Dataset entries:
Definition sigma_seq : seq zpoly := nseq 8 (nseq 14 0) ++ [::
  [:: -4; 1; -4; 5; -2; 2; -1; -1; 4; -1; 3; -3; 0; 0];
  [:: -5; 1; -4; 5; -2; 0; -1; -1; 5; 0; 3; -3; 0; 0];
  [:: -7; 1; -7; 8; -4; 3; -2; -1; 7; -1; 5; -5; 0; 0];
  [:: -10; 2; -9; 11; -6; 3; -3; -1; 10; -1; 7; -7; 0; 0];
  [:: -7; 2; -7; 8; -6; 3; -2; 1; 8; -1; 5; -6; 0; 0];
  [:: -5; 2; -5; 6; -5; 3; -1; 2; 6; -1; 3; -5; 0; 0];
  [:: -4; 1; -4; 4; -3; 2; 0; 1; 4; -1; 2; -3; 0; 0];
  [:: -2; 1; -2; 3; -2; 2; 0; 1; 2; -1; 1; -2; 0; 0];
  [:: -2; -2; -2; -1; 1; -1; 0; -2; -1; -1; 0; 1; 1; 1];
  [:: 0; -1; 0; -1; 1; 0; 0; 0; -1; 1; 0; 1; 0; 0];
  [:: -2; -2; -1; -1; 3; -2; 0; -3; -1; 0; 1; 1; 1; 0];
  [:: -1; 1; -1; 2; -1; 0; 0; -1; 2; -1; 1; -1; 0; 0];
  [:: 1; -1; 1; -3; 2; -2; 1; -1; -2; 1; -1; 2; 0; 0];
  [:: 1; -1; 2; -2; 2; -2; 0; 0; -1; 1; -1; 1; 0; 0]].

Definition sigma_mult : seq Z := nseq 16 0 ++ [:: -1].

Definition Rform : zpoly := [:: -4; -16; -46; -78; -28; 96; 98; -35; -70; 4; 20; 0; -2].

Definition Rform_bernstein : seq Z := [::
  132572702068244033596159868318; 1619381260981604607242025865560;
  9060079148976150248342734930300; 30700939595104232372896019035000;
  70179312777145709908631258381250; 114011938613973565922223374350000;
  134982083103706928348616790125000; 117348297272362268219281328750000;
  74350293193372975232459925781250; 33482184436524171001464296875000;
  10172908188028176927988398437500; 1872393707601377441058984375000;
  157885773249034864530761718750].

End EigenvectorData.

Definition phi14_zp : zpoly := map Z_of_int phi14_seq.

Lemma sigma_eigen_certificate : zp_eigen_certificate 22 F_seq sigma_seq sigma_mult phi14_zp.
Proof. by vm_compute. Qed.

Lemma size_sigma_seq : all (fun k => size (nth [::] sigma_seq k) == 14) (iota 0 22).
Proof. by vm_compute. Qed.

Lemma sigma_gram_certificate : zpeqb (zpgram 22 k3gram_nat sigma_seq) (zppalin 13 Rform).
Proof. by vm_compute. Qed.

Lemma Rform_bernstein_certificate :
  zpeqb (zpscale (400 ^ 12) Rform)
        (zpbernstein 12 0 [:: 397; 200] [:: -395; -200] Rform_bernstein)%Z.
Proof. by vm_compute. Qed.

Definition sigma_K3 {R : comNzRingType} (x : R) : 'cV[R]_22 := zpcol 22 sigma_seq x.

Lemma F_K3_sigma {R : comNzRingType} (x : R) :
  root (map_poly (fun z : int => z%:~R) phi14) x ->
  map_mx (fun z : int => z%:~R) F_K3 *m sigma_K3 x = x *: sigma_K3 x.
Proof.
move=> /rootP phi_x; apply: zpcol_eigen sigma_eigen_certificate _.
by rewrite zhorner_Poly -phi14E.
Qed.

Section K3FormC.
Context {C : numClosedFieldType}.
Implicit Types u v : 'cV[C]_22.

Lemma k3formC_sum u v :
  k3formC u v = \sum_(b < 22) (\sum_(a < 22) u a 0 * (k3gram_nat a b)%:~R) * v b 0.
Proof.
rewrite /k3formC mxE; apply: eq_bigr => b _; rewrite !mxE; congr (_ * _).
by apply: eq_bigr => a _; rewrite !mxE.
Qed.

Lemma k3formCZ (a b : C) u v : k3formC (a *: u) (b *: v) = a * b * k3formC u v.
Proof. by rewrite /k3formC linearZ /= [(a *: u)^T]linearZ /= -!scalemxAl !mxE; ring. Qed.

Lemma k3formC_isometry F u v : lattice_aut F ->
  let FC := map_mx (fun z : int => z%:~R) F in k3formC (FC *m u) (FC *m v) = k3formC u v.
Proof.
move=> [_ F_iso] FC; rewrite /k3formC trmx_mul.
have GC_iso : map_mx (fun z : int => z%:~R) K3gram
              = FC^T *m map_mx (fun z : int => z%:~R) K3gram *m FC.
  by rewrite /FC map_trmx -!map_mxM F_iso.
by rewrite [in RHS]GC_iso !mulmxA.
Qed.

Lemma k3formC_eigen_isotropic F u (d : C) : lattice_aut F ->
  map_mx (fun z : int => z%:~R) F *m u = d *: u -> d ^+ 2 != 1 -> k3formC u u = 0.
Proof.
move=> F_aut Fu d2_neq1; have := k3formC_isometry F u u F_aut; rewrite /= Fu k3formCZ.
move=> /eqP; rewrite -subr_eq0 -{2}[k3formC u u]mul1r -mulrBl mulf_eq0 -expr2 subr_eq0.
by rewrite (negPf d2_neq1) => /eqP.
Qed.

Lemma k3formC_sigma_conj (x : C) : x != 0 -> x^* = x^-1 ->
  k3formC (sigma_K3 x) (map_mx (fun z : C => z^*) (sigma_K3 x)) = zhorner Rform (x + x^-1).
Proof.
move=> x_neq0 x_conj; apply: (mulfI (expf_neq0 13 x_neq0)).
rewrite -zhorner_palin // -(zhorner_eq _ sigma_gram_certificate).
rewrite (zhorner_zpgram _ _ _ 13) ?size_sigma_seq //.
congr (_ * _); rewrite k3formC_sum; apply: eq_bigr => b _.
rewrite !mxE zhorner_conj x_conj; congr (_ * _).
by apply: eq_bigr => a _; rewrite !mxE.
Qed.

End K3FormC.

Lemma Rform_gt0 {R : numDomainType} (t : R) :
  0 < zhorner [:: 397; 200]%Z t -> 0 < zhorner [:: -395; -200]%Z t -> 0 < zhorner Rform t.
Proof.
move=> u_gt0 v_gt0.
have := zhorner_bernstein_gt0 12 0 _ _ _ _ _ u_gt0 v_gt0 (isT : all (Z.ltb 0) Rform_bernstein).
by rewrite -(zhorner_eq _ Rform_bernstein_certificate) zhornerZ pmulr_rgt0 ?of_Z_gt0.
Qed.

(** * Locating delta *)

Section Localisation.
Context {C : numClosedFieldType}.
Implicit Types x : C.

Local Notation c := (gauss (-99) (-14) 100 : C).
Local Notation r0 := (zfrac 22 10000 : C).

Lemma conj_c : c^* = gauss (-99) 14 100.
Proof. exact: gauss_conj. Qed.

Lemma normr_c_ge : zfrac 99 100 <= `|c|.
Proof. exact: (normr_gauss_ge (-99) (-14) 100 isT). Qed.

Lemma normr_c_le1 : `|c| <= 1.
Proof.
rewrite -(expr_le1 (n := 2)) // normCK conj_c gauss_mul_conj -of_Z1 -zfrac1.
by rewrite ler_zfrac.
Qed.

Lemma near_c_nonreal x : `|x - c| < r0 -> x^* != x.
Proof.
move=> xc_lt; apply: conj_neq_near xc_lt _.
rewrite conj_c -[14%Z]/(Z.opp (-14)) gauss_sub_conj normrM normCi mul1r normr_zfrac //.
by rewrite mulr2n zfracD // ler_zfrac.
Qed.

Lemma normr_near_c_ge x : `|x - c| < r0 -> zfrac 97 100 <= `|x|.
Proof.
move=> xc_lt; have := lerB_dist c (c - x).
rewrite (_ : c - (c - x) = x) 1?distrC; last by rewrite opprB addrC subrK.
apply: le_trans; rewrite lerBrDr (le_trans _ normr_c_ge) //.
by rewrite (le_trans (lerD (lexx _) (ltW xc_lt))) // zfracD // ler_zfrac.
Qed.

Lemma near_c_neq0 x : `|x - c| < r0 -> x != 0.
Proof.
move=> /normr_near_c_ge x_ge; rewrite -normr_gt0 (lt_le_trans _ x_ge) //.
exact: zfrac_gt0.
Qed.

## Brief
Extract from the records above the lines from the one containing "(** * Locating delta *)" to the one containing "Lemma normr_c_ge : zfrac", both lines included, exactly as they appear and with nothing else.

## Response
(** * Locating delta *)

Section Localisation.
Context {C : numClosedFieldType}.
Implicit Types x : C.

Local Notation c := (gauss (-99) (-14) 100 : C).
Local Notation r0 := (zfrac 22 10000 : C).

Lemma conj_c : c^* = gauss (-99) 14 100.
Proof. exact: gauss_conj. Qed.

Lemma normr_c_ge : zfrac 99 100 <= `|c|.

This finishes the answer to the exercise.